The research of reinforcement learning is fueled by popular and easy-to-use environment packages, e.g. OpenAI Gym [6] and Deepmind Lab [7]. OpenAI Gym [6] includes a collection of environments for classical reinforcement learning, and is widely used by the research community. Our work can be viewed as an extension of Gym for multi-agent cases. And Deepmind Lab [7] is mainly focused on first-person 3D games, while also providing simple and flexible API.

For multi-agent reinforcement learning (MARL), the work of [15] provides particle environments for both cooperative and competitive settings, as well as the training method and algorithm performances for these environments. Also, in the work of [16], the authors show that in a simple competitive multi-agent environment, the trained agents can have very complex behaviors. The environment for their experiments is also open-sourced. For related work on StarCraft, a suite of multi-agent environments has been proposed and open-sourced in the work of [17], together with performance baselines of several training methods.

4 Supported Environments

For the initial release, we provide interfaces together with 6 environments, namely Pong-2p, SC2Battle, SC2Full, PommerMan, ViZDoom, and Soccer. These games are selected as they range from simplest two-player Pong game, to complex full-length StarCraft II game. Interfaces compatible with these environments are provided as examples for the practical usage of Arena Interfaces on multi-agent environments. In addition, we also provide experimental performance of baseline RL methods on these environments. We leave detailed description of these interfaces and baseline performance in Appendix for interested readers.

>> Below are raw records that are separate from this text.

(* Let $\mathbf A$ be a super-paraorthomodular lattice and let $x,y\in\mathrm{Sh}(\mathbf A)$. Then the subalgebra $\mathbf{Sg}(x,y)$ of $\mathbf A$ generated by $x,y$ is distributive if and only if $x$ and $y$ commute in the orthomodular poset $\mathbf{Sh}(\mathbf A)$. In particular (in this case), $\mathbf{Sg}(x,y)$ is a Boolean subalgebra of $\mathbf A$.
   Context: A pseudo-Kleene lattice is an algebra $(A,\land,\lor,{}',0,1)$ that is a bounded lattice with an antitone involution ${}'$ ($x\leq y\Rightarrow y'\leq x'$, $x''=x$) satisfying $x\land x'\leq y\lor y'$. It is super-paraorthomodular if for all $x,y$: (SP1) $x\leq y$ and $x'\land y=(x\land x')\lor(y\land y')$ imply $y\land(x\lor x')=x\lor(y\land y')$; (SP2) $x\leq y$ implies $(x\land x')\lor(y\land y')=(x'\land y)\land(x'\land y)'$. $\mathrm{Sh}(\mathbf A)=\{a\in A:a\land a'=0\}$ and $\mathbf{Sh}(\mathbf A)=(\mathrm{Sh}(\mathbf A),\leq,{}',0,1)$ with inherited order and involution (it is an orthomodular poset). In $\mathbf{Sh}(\mathbf A)$, $x$ and $y$ commute if the meets $x\land y$ and $x\land y'$ exist in $\mathbf{Sh}(\mathbf A)$ and $x=(x\land y)\lor(x\land y')$ there. A Boolean subalgebra is a subalgebra which is a distributive lattice in which $u\land u'=0$ for every element $u$. *)

From HB Require Import structures.
From mathcomp Require Import all_boot all_order.
Set Implicit Arguments. Unset Strict Implicit. Unset Printing Implicit Defensive.
Import Order.TTheory.
Local Open Scope order_scope.

(* A bounded lattice L (mathcomp tbLatticeType) together with a unary
   operation c playing the role of ' . *)

Section PK.
Context {disp : Order.disp_t} {L : tbLatticeType disp}.

Definition pseudo_Kleene (c : L -> L) : Prop :=
  [/\ (forall x y : L, x <= y -> c y <= c x),
      (forall x : L, c (c x) = x) &
      (forall x y : L, x `&` c x <= y `|` c y)].

Definition super_paraorthomodular (c : L -> L) : Prop :=
  [/\ pseudo_Kleene c,
      (forall x y : L, x <= y ->
         c x `&` y = (x `&` c x) `|` (y `&` c y) ->
         y `&` (x `|` c x) = x `|` (y `&` c y)) &
      (forall x y : L, x <= y ->
         (x `&` c x) `|` (y `&` c y) = (c x `&` y) `&` c (c x `&` y))].

Definition Sh (c : L -> L) (a : L) : Prop := a `&` c a = \bot.

Definition subalgebra (c : L -> L) (S : L -> Prop) : Prop :=
  [/\ S \bot, S \top,
      (forall a b, S a -> S b -> S (a `&` b)),
      (forall a b, S a -> S b -> S (a `|` b)) &
      (forall a, S a -> S (c a))].

Definition Sg (c : L -> L) (x y : L) : L -> Prop :=
  fun z => forall S, subalgebra c S -> S x -> S y -> S z.

Definition distributive_sub (S : L -> Prop) : Prop :=
  (forall a b e, S a -> S b -> S e -> a `&` (b `|` e) = (a `&` b) `|` (a `&` e)) /\
  (forall a b e, S a -> S b -> S e -> a `|` (b `&` e) = (a `|` b) `&` (a `|` e)).

Definition Boolean_sub (c : L -> L) (S : L -> Prop) : Prop :=
  distributive_sub S /\ (forall u, S u -> u `&` c u = \bot).

Definition is_glb_in (P : L -> Prop) (a b m : L) : Prop :=
  [/\ P m, m <= a, m <= b & forall z, P z -> z <= a -> z <= b -> z <= m].
Definition is_lub_in (P : L -> Prop) (a b m : L) : Prop :=
  [/\ P m, a <= m, b <= m & forall z, P z -> a <= z -> b <= z -> m <= z].

(* x and y commute in the orthomodular poset Sh(A): the meets x /\ y and
   x /\ y' exist in Sh(A) and x is the join (in Sh(A)) of them. *)
Definition commute_Sh (c : L -> L) (x y : L) : Prop :=
  exists m1 m2 : L,
    [/\ is_glb_in (Sh c) x y m1, is_glb_in (Sh c) x (c y) m2 &
        is_lub_in (Sh c) m1 m2 x].

End PK.

From HB Require Import structures.
From mathcomp Require Import all_boot all_order.
Import Order.TTheory.
Local Open Scope order_scope.

(* If Sg(x, y) is distributive, then x /\ y and x /\ y' are sharp and their
   join is x /\ (y \/ y') = x, which is commutation in Sh(A).  Conversely, if
   x and y commute then p = x /\ y and q = x /\ y' are sharp with x = p \/ q,
   and super-paraorthomodularity makes p, q, p' /\ y, q' /\ y' pairwise
   orthogonal sharp elements with join 1.  The joins of subfamilies of such an
   orthogonal partition of unity form a Boolean subalgebra (a homomorphic image
   of a power set) containing x and y, hence containing Sg(x, y). *)

Section Subalgebras.
Context {disp : Order.disp_t} {L : tbLatticeType disp} (c : L -> L).

Lemma Sg_subalgebra (x y : L) : subalgebra c (Sg c x y).
Proof.
split=> [S [] // | S [] // | a b Sa Sb S | a b Sa Sb S | a Sa S] hS Sx Sy;
  case: (hS) => _ _ hI hU hC.
- by apply: hI; [apply: Sa | apply: Sb].
- by apply: hU; [apply: Sa | apply: Sb].
- by apply: hC; apply: Sa.
Qed.

Lemma Sg_l (x y : L) : Sg c x y x.
Proof. by move=> S. Qed.

Lemma Sg_r (x y : L) : Sg c x y y.
Proof. by move=> S. Qed.

Lemma Boolean_sub_subset {S T : L -> Prop} :
  Boolean_sub c S -> (forall z, T z -> S z) -> Boolean_sub c T.
Proof.
move=> [[dI dU] sh] TS; split; last by move=> u /TS; apply: sh.
by split=> a b e /TS Sa /TS Sb /TS Se; [apply: dI | apply: dU].
Qed.

End Subalgebras.

Section PseudoKleene.
Context {disp : Order.disp_t} {L : tbLatticeType disp} {c : L -> L}.
Hypothesis hc : pseudo_Kleene c.

Lemma compl_anti {a b : L} : a <= b -> c b <= c a.
Proof. by case: hc => anti _ _; apply: anti. Qed.

Lemma complK : involutive c.
Proof. by case: hc. Qed.

Lemma compl_flip {a b : L} : a <= c b -> b <= c a.
Proof. by rewrite -{2}[b]complK; apply: compl_anti. Qed.

Lemma compl_join (a b : L) : c (a `|` b) = c a `&` c b.
Proof.
apply: le_anti; rewrite lexI !compl_anti ?leUl ?leUr //=.
by apply: compl_flip; rewrite leUx; apply/andP; split; apply: compl_flip;
  [exact: leIl | exact: leIr].
Qed.

Lemma compl_meet (a b : L) : c (a `&` b) = c a `|` c b.
Proof. by rewrite -{1}[a]complK -{1}[b]complK -compl_join complK. Qed.

Lemma compl_top : c \top = \bot.
Proof. by apply/eqP; rewrite -lex0 -[\bot]complK compl_anti ?lex1. Qed.

Lemma compl_bot : c \bot = \top.
Proof. by rewrite -compl_top complK. Qed.

Lemma Sh_compl {a : L} : Sh c a -> Sh c (c a).
Proof. by rewrite /Sh complK meetC. Qed.

Lemma Sh_joinC {a : L} : Sh c a -> a `|` c a = \top.
Proof.
by move=> ha; rewrite -[LHS]complK compl_join complK meetC ha compl_bot.
Qed.

Lemma Sh_meet (u v : L) : Sh c u -> Sh c v ->
  (u `&` v) `&` (c u `|` c v) = (u `&` v `&` c u) `|` (u `&` v `&` c v) ->
  Sh c (u `&` v).
Proof.
move=> hu hv distr; rewrite /Sh compl_meet distr; apply/eqP.
by rewrite join_eq0 -!lex0 -{1}hu -hv !leI2 ?leIl ?leIr.
Qed.

Lemma distributive_Sg_commute (x y : L) : Sh c x -> Sh c y ->
  distributive_sub (Sg c x y) -> commute_Sh c x y.
Proof.
move=> hx hy [dI _]; have [_ _ sI _ sC] := Sg_subalgebra c x y.
have glb u v : Sh c u -> Sh c v -> Sg c x y u -> Sg c x y v ->
    is_glb_in (Sh c) u v (u `&` v).
  move=> hu hv Su Sv; split; [|exact: leIl|exact: leIr|].
    by apply: Sh_meet hu hv _; apply: dI; [exact: sI | exact: sC | exact: sC].
  by move=> z _ zu zv; rewrite lexI zu zv.
have Sy := Sg_r c x y; have Scy := sC _ Sy.
have ex : (x `&` y) `|` (x `&` c y) = x.
  by rewrite -dI ?Sg_l // Sh_joinC ?meetx1.
have gxy := glb x y hx hy (Sg_l c x y) Sy.
have gxcy := glb x (c y) hx (Sh_compl hy) (Sg_l c x y) Scy.
exists (x `&` y), (x `&` c y); split=> //; split=> //; rewrite ?leIl //.
by move=> z _ h1 h2; rewrite -ex leUx h1 h2.
Qed.

End PseudoKleene.

Definition orth_partition {disp : Order.disp_t} {L : tbLatticeType disp}
    (c : L -> L) {I : finType} (a : I -> L) :=
  [/\ forall i, Sh c (a i), forall i j, i != j -> a i <= c (a j) &
      \join_(i in [set: I]) a i = \top].

Definition joins_range {disp : Order.disp_t} {L : tbLatticeType disp}
    {I : finType} (a : I -> L) (z : L) : Prop :=
  exists s : {set I}, z = \join_(i in s) a i.

(* With p = x /\ y and q = x /\ y', the element at index i lies below x iff
   i.1 and below y iff i.2. *)
Definition square_partition {disp : Order.disp_t} {L : tbLatticeType disp}
    (c : L -> L) (y p q : L) (i : bool * bool) : L :=
  match i with
  | (true, true) => p
  | (true, false) => q
  | (false, true) => c p `&` y
  | (false, false) => c q `&` c y
  end.

Section SuperParaorthomodular.
Context {disp : Order.disp_t} {L : tbLatticeType disp} {c : L -> L}.
Hypothesis hspo : super_paraorthomodular c.

Lemma spo_pseudo_Kleene : pseudo_Kleene c.
Proof. by case: hspo. Qed.

Let hc := spo_pseudo_Kleene.

(* SP2 makes both a and b sharp, so that SP1 applies. *)
Lemma paraorthomodular (a b : L) : a <= b -> c a `&` b = \bot -> a = b.
Proof.
case: hspo => _ sp1 sp2 ab ab0.
have e := sp2 a b ab; rewrite ab0 meet0x in e.
have := sp1 a b ab; rewrite ab0 e => /(_ erefl).
move/eqP: e; rewrite join_eq0 => /andP[/eqP ha /eqP hb].
by rewrite hb joinx0 (Sh_joinC hc ha) meetx1.
Qed.

Lemma Sh_compl_meet {a b : L} : a <= b -> Sh c a -> Sh c b -> Sh c (c a `&` b).
Proof. by case: hspo => _ _ sp2 ab ha hb; rewrite /Sh -sp2 // ha hb joinx0. Qed.

Lemma Sh_join_orth {a b : L} : a <= c b -> Sh c a -> Sh c b -> Sh c (a `|` b).
Proof.
move=> ab ha hb; have := Sh_compl hc (Sh_compl_meet ab ha (Sh_compl hc hb)).
by rewrite compl_meet // !(complK hc).
Qed.

Lemma join_orth_meetK {a b : L} : a <= c b -> Sh c a -> Sh c b ->
  (a `|` b) `&` c b = a.
Proof.
move=> ab ha hb; symmetry; apply: paraorthomodular; first by rewrite lexI leUl.
by rewrite meetCA -compl_join // Sh_join_orth.
Qed.

Lemma orthomodular {a b : L} : a <= b -> Sh c a -> Sh c b ->
  b = a `|` (c a `&` b).
Proof.
move=> ab ha hb; symmetry; apply: paraorthomodular.
  by rewrite leUx ab leIr.
by rewrite compl_join // meetAC; apply: Sh_compl_meet.
Qed.

Section OrthPartition.
Context {I : finType} {a : I -> L}.

Hypothesis ha : orth_partition c a.

Lemma joins_orth {s t : {set I}} : [disjoint s & t] ->
  \join_(i in s) a i <= c (\join_(i in t) a i).
Proof.
case: ha => _ orth _ st; apply/joinsP => i si; apply: compl_flip => //.
apply/joinsP => j tj; apply: orth; apply: contraTneq tj => ->.
by rewrite (disjointFr st si).
Qed.

Lemma joins_Sh (s : {set I}) : Sh c (\join_(i in s) a i).
Proof.
case: ha => sh orth _; rewrite -big_enum.
elim: (enum s) (enum_uniq s) => [|i r IH] /=.
  by rewrite big_nil /Sh meet0x.
case/andP => ir ur; rewrite big_cons; apply: Sh_join_orth => //; last exact: IH.
apply: compl_flip => //; apply/joinsP_seq => j jr _; apply: orth.
by apply: contraNneq ir => <-.
Qed.

Lemma joinsI (s t : {set I}) :
  \join_(i in s :&: t) a i = \join_(i in s) a i `&` \join_(i in t) a i.
Proof.
apply: le_anti; rewrite lexI !le_joins ?subsetIl ?subsetIr //=.
have ds : [disjoint s & t :\: s].
  by rewrite disjoints_subset; apply/subsetP => i; rewrite !inE => ->.
have dts := disjointWl (subsetIr t s) ds.
rewrite -{1}(setID t s) joins_setU [s :&: t]setIC.
rewrite -[X in _ <= X]
  (join_orth_meetK (joins_orth dts) (joins_Sh _) (joins_Sh _)).
by rewrite meetC leI2 ?joins_orth.
Qed.

Lemma joinsC (s : {set I}) : c (\join_(i in s) a i) = \join_(i in ~: s) a i.
Proof.
symmetry; apply: paraorthomodular.
  by rewrite joins_orth // disjoints_subset.
case: ha => _ _ htop.
by rewrite -compl_join // -joins_setU setUC setUCr htop compl_top.
Qed.

Lemma joins_range_subalgebra : subalgebra c (joins_range a).
Proof.
split.
- by exists set0; rewrite big_set0.
- by exists setT; case: ha.
- by move=> _ _ [s ->] [t ->]; exists (s :&: t); rewrite joinsI.
- by move=> _ _ [s ->] [t ->]; exists (s :|: t); rewrite joins_setU.
- by move=> _ [s ->]; exists (~: s); rewrite joinsC.
Qed.

Lemma joins_range_Boolean : Boolean_sub c (joins_range a).
Proof.
split; first split.
- move=> _ _ _ [s ->] [t ->] [u ->].
  by rewrite -!joins_setU -!joinsI -joins_setU setIUr.
- move=> _ _ _ [s ->] [t ->] [u ->].
  by rewrite -!joinsI -!joins_setU -joinsI setUIr.
- by move=> _ [s ->]; rewrite joinsC -joinsI setICr big_set0.
Qed.

End OrthPartition.

Lemma square_partition_orth {y p q : L} : Sh c y -> Sh c p -> Sh c q ->
  p <= y -> q <= c y -> orth_partition c (square_partition c y p q).
Proof.
move=> hy hp hq py qcy; have hcy := Sh_compl hc hy.
have hr := Sh_compl_meet py hp hy; have ht := Sh_compl_meet qcy hq hcy.
have pq : p <= c q := le_trans py (compl_flip hc qcy).
have pr : p <= c (c p `&` y) by apply/(compl_flip hc)/leIl.
have pt : p <= c (c q `&` c y) := le_trans py (compl_flip hc (leIr _ _)).
have qr : q <= c (c p `&` y).
  by apply/(compl_flip hc)/(le_trans (leIr _ _))/(compl_flip hc).
have qt : q <= c (c q `&` c y) by apply/(compl_flip hc)/leIl.
have rt : c p `&` y <= c (c q `&` c y) :=
  le_trans (leIr _ _) (compl_flip hc (leIr _ _)).
split.
- by case=> [[] []].
- by case=> [[] []] [[] []] //= _; apply: compl_flip.
have -> : [set: bool * bool] = [set (true, true)] :|: [set (false, true)]
    :|: ([set (true, false)] :|: [set (false, false)]).
  by apply/setP => -[[] []]; rewrite !inE.
rewrite !joins_setU !big_set1 /=.
rewrite -(orthomodular py hp hy) -(orthomodular qcy hq hcy).
(* Plain exact: big_set1 produced the join of a convertible but different
   lattice instance, which ssreflect's matching does not unfold. *)
exact (Sh_joinC hc hy).
Qed.

Lemma commute_Sh_decomp (x y : L) : Sh c y -> commute_Sh c x y ->
  [/\ Sh c (x `&` y), Sh c (x `&` c y) & x = (x `&` y) `|` (x `&` c y)].
Proof.
move=> hy [m1 [m2 [[h1 m1x m1y _] [h2 m2x m2cy _] [_ _ _ lub]]]].
have o12 : m1 <= c m2 := le_trans m1y (compl_flip hc m2cy).
have ex : x = m1 `|` m2.
  apply: le_anti; rewrite leUx m1x m2x !andbT.
  by apply: lub; [exact: Sh_join_orth | exact: leUl | exact: leUr].
have e1 : x `&` c m2 = m1 by rewrite ex join_orth_meetK.
have e2 : x `&` c m1 = m2 by rewrite ex joinC join_orth_meetK // compl_flip.
have E1 : m1 = x `&` y.
  apply: paraorthomodular; first by rewrite lexI m1x m1y.
  rewrite meetA [c m1 `&` x]meetC e2; apply/eqP.
  by rewrite -lex0 -hy meetC leI2.
have E2 : m2 = x `&` c y.
  apply: paraorthomodular; first by rewrite lexI m2x m2cy.
  rewrite meetA [c m2 `&` x]meetC e1; apply/eqP.
  by rewrite -lex0 -hy leI2.
by rewrite -E1 -E2.
Qed.

Lemma commute_Sg_Boolean (x y : L) : Sh c y -> commute_Sh c x y ->
  Boolean_sub c (Sg c x y).
Proof.
move=> hy /(commute_Sh_decomp x y hy) [hp hq ex].
have hpart := square_partition_orth hy hp hq (leIr _ _) (leIr _ _).
apply: (Boolean_sub_subset c (joins_range_Boolean hpart)) => z; apply.
- exact: joins_range_subalgebra.
- exists ([set (true, true)] :|: [set (true, false)]).
  by rewrite joins_setU !big_set1.
- exists ([set (true, true)] :|: [set (false, true)]).
  rewrite joins_setU !big_set1.
  exact: orthomodular (leIr _ _) hp hy.
Qed.

End SuperParaorthomodular.

Theorem corollary4p6 (disp : Order.disp_t) (L : tbLatticeType disp)
    (c : L -> L) (x y : L) :
  super_paraorthomodular c -> Sh c x -> Sh c y ->
  (distributive_sub (Sg c x y) <-> commute_Sh c x y) /\
  (commute_Sh c x y -> Boolean_sub c (Sg c x y)).
Proof.
move=> hspo hx hy; have Boolean := commute_Sg_Boolean hspo x y hy.
split=> //; split=> [|/Boolean []//].
exact: distributive_Sg_commute (spo_pseudo_Kleene hspo) x y hx hy.
Qed.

Figure 8: Screenshots of currently supported environments in Arena. Upper (from left to right): Pong-2p, SC2Battle, and SC2Full (based on [18]). Lower (from left to right): PommerMan [19], ViZDoom [20], and Soccer [21].

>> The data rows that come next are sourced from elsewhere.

Lemma tadj_path_between T x p y e :
  path (tadj T) x p -> size p <= #|dset x (last x p)| -> y \in p ->
  x e = last x p e -> y e = x e.
Proof.
move=> xp pmin yp; move: xp pmin; case/path.splitP: yp => p1 p2 xp pmin.
rewrite last_cat last_rcons; set z := last y p2 => xz; apply/eqP/negPn/negP => yx.
move: xp pmin; rewrite cat_path last_cat !last_rcons size_cat size_rcons -/z.
case/andP=> /size_tadj_path + /size_tadj_path; rewrite last_rcons size_rcons -/z.
by have := card_dset_lt xz yx; lia.
Qed.

Lemma shortest_tadj T x p :
  path (tadj T) x p -> size p <= #|dset x (last x p)| -> shortest T x p.
Proof.
move=> xp pmin; split=> // q xq qp; apply: leq_trans pmin _.
by rewrite -qp; apply: size_tadj_path xq.
Qed.

Lemma XG_vle H t : t \in H -> vle (XG H) t.
Proof.
move=> tH; apply/vleP => e; rewrite ffunE.
case: ifP => [/forall_inP Hp _|_]; first by apply/eqP; apply: Hp.
by case: ifP => [/forall_inP Hm _|//]; apply/eqP; apply: Hm.
Qed.

Lemma XG_const H t0 e : t0 \in H -> t0 e != sZero ->
  {in H, forall t : svec E, t e = t0 e} -> XG H e = t0 e.
Proof.
move=> t0H t0e Ht; case: (eqVneq (XG H e) sZero) => [XGe|XGe]; last first.
  by rewrite (vleP _ _ (XG_vle t0H) e XGe).
have all_t0 : [forall x in H, x e == t0 e] by apply/forall_inP => t /Ht ->.
move: XGe; rewrite ffunE; case: (t0 e) t0e all_t0 => [[]|] // _ all_t0.
  by rewrite [[forall _ in _, _]]all_t0.
by case: ifP => //; rewrite [[forall _ in _, _ == sMinus]]all_t0.
Qed.
End SignVectors.

Section Composition.
Variables (E : finType) (L : {set svec E}).
Hypothesis FS_L : FS L.
Implicit Types (X Y t : svec E).

Lemma vcomp_mem X Y : X \in L -> Y \in L -> vcomp X Y \in L.
Proof.
move=> XL YL; have -> : vcomp X Y = vcomp X (vneg (vcomp X (vneg Y))).
  apply/ffunP => e; rewrite !(vcompE, vnegE).
  by case: (X e) => [b|] //=; rewrite snegK.
by apply: FS_L => //; apply: FS_L.
Qed.

Lemma topesP t : reflect (t \in L /\ forall e, t e != sZero) (t \in topes L).
Proof. by rewrite inE; apply: (iffP andP) => -[tL /forallP]. Qed.

Lemma topes_mem t : t \in topes L -> t \in L.
Proof. by case/topesP. Qed.

Lemma topes_full t : t \in topes L -> forall e, t e != sZero.
Proof. by case/topesP. Qed.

5 Conclusion and Future Direction

In this work we propose Arena, a new toolkit for multi-agent reinforcement learning research. We provide modular components for implementing diversified multi-agent environments and agents with a universal interface. The framework is validated with experiments with popular multi-agent baseline methods. In the future, we are working on a general training and evaluation platform for cooperative and competitive MARL.

Acknowledgement

Thanks Jiaming Lu for his work on Pong-2p and ViZDoom. Thanks Yali Du for her work in SC2 battle games. Thanks Jing Li, Liheng Chen, Yingru Li for many insightful discussions. Thanks Wenhan Luo, Yuan Gao for their early efforts in ViZDoom competition. Thanks Rongjun Qin for his early work in ViZDoom. Thanks Shiyu Huang and Jia Xu for the helpful discussion on ViZDoom MARL settings. Thanks Ji Liu for the inspiring discussions. Thanks Han Liu and Tong Zhang for organizing and involving the early work.

References

Appendix A List of supported environments

a.1 Pong-2p

Pong-2p (Pong of 2 players) is much like the Atari Pong [6], except that the two players on both sides are controllable. Due to its simplicity, Pong-2p usually serves as a “sanity-check” environment in the sense that one can quickly train a strong policy with any decent competitive MARL algorithm.

Our code is inspired by other 2-player Pong implementations, e.g., [22, 23]

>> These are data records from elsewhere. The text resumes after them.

Lemma exists_wave_chord (R : realType) (p : R) (K' : set (Z R)) z :
  K' `<=` Kset p -> zinterior (conv_hull K') z ->
  exists w, [/\ wave_cone w, conv_hull K' (z + w), conv_hull K' (z - w)
                & zdist z K' <= dimZ.+1%:R * znorm w].
Proof.
move=> K'K hz; have z_in : conv_hull K' z.
  by case: hz => r r_gt0 ball_z; apply: ball_z; rewrite subrr znorm0.
have [n [l [a [le_n comb]]]] := caratheodory z_in.
case: n l a le_n comb => [|n] l a le_n comb.
  by case: comb => _ [_ [/eqP]]; rewrite big_ord0 eq_sym oner_eq0.
have Aa i : K' (a i) by case: comb => _ [].
have [k _ max_k] := @arg_maxP _ R _ ord0 xpredT l isT.
pose f i := znorm (l i *: (a i - a k)).
have [j _ max_j] := @arg_maxP _ R _ ord0 xpredT f isT.
have dist_le : zdist z K' <= dimZ.+1%:R * f j.
  apply: le_trans (zdist_le_conv_comb comb (fun i => max_j i isT)) _.
  by rewrite ler_wpM2r ?znorm_ge0 // ler_nat.
have [w0 | w_neq0] := eqVneq (l j *: (a j - a k)) 0.
  have [b Kb b_neq] := zinterior_conv_hull_nontrivial (a k) hz.
  case: hz => r r_gt0 ball_z.
  have [e e_gt0 small] := znorm_small_multiple (b - a k) r_gt0.
  exists (e *: (b - a k)); split.
  - apply: wave_coneZ; first by rewrite gt_eqF.
    exact: wave_cone_diff (K'K _ Kb) (K'K _ (Aa k)) b_neq.
  - by apply: ball_z; rewrite addrAC subrr add0r.
  - by apply: ball_z; rewrite addrAC subrr add0r znormN.
  - by rewrite (le_trans dist_le) // /f w0 znorm0 mulr0 mulr_ge0 ?znorm_ge0.
move: (w_neq0); rewrite scaler_eq0 negb_or subr_eq0 => /andP [lj_neq0 neq_jk].
exists (l j *: (a j - a k)); split => //.
- by apply: wave_coneZ lj_neq0 _; apply: wave_cone_diff neq_jk; apply: K'K.
- rewrite -[X in z + X]scale1r.
  by apply: conv_comb_transfer comb (max_k j isT) _; rewrite normr1.
- by rewrite -scaleN1r; apply: conv_comb_transfer comb (max_k j isT) _; rewrite normrN1.
Qed.

Theorem corollary2p4 (R : realType) (p : R) (K' : set (Z R))
  (hK'K : K' `<=` Kset p) (hK'c : compact K') (z : Z R)
  (hz : zinterior (conv_hull K') z) :
  exists2 zb : Z R, wave_cone zb &
    (forall t : R, -1 <= t <= 1 -> zinterior (conv_hull K') (z + t *: zb)) /\
    (2 * dimZ%:R)^-1 * zdist z K' <= znorm zb.
Proof.
have [w [w_wave zDw zBw dist_le]] := exists_wave_chord hK'K hz.
exists ((3 / 4) *: w).
  by apply: wave_coneZ => //; rewrite mulf_neq0 ?invr_eq0 ?pnatr_eq0.
split; first by apply: zinterior_segment => //; apply/andP; split; lra.
rewrite znormZ ger0_norm; last lra.
have := znorm_ge0 w; rewrite /dimZ in dist_le *; lra.
Qed.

. However, we carefully adjust and modify the physics and dynamics in regards of the ball’s speed, the reflection and collision with the pad in different positions, etc., so as to ensure that a reasonable policy is learn-able. For the baseline, we also provide a rule-based built-in AI which naively follows the ball in vertical direction.

Besides the raw environment, we additionally provide Arena interfaces that expose the observation in 2D image and the action in discrete action space. We then employ a simple self-play algorithm similar to [16, 3], where we use 1 Learner (GPU) and 30 Actors (CPUs) in a single machine. We found that a ConvNet based neural network model quickly defeats the built-in AI unseen during training, as shown in Fig. 9.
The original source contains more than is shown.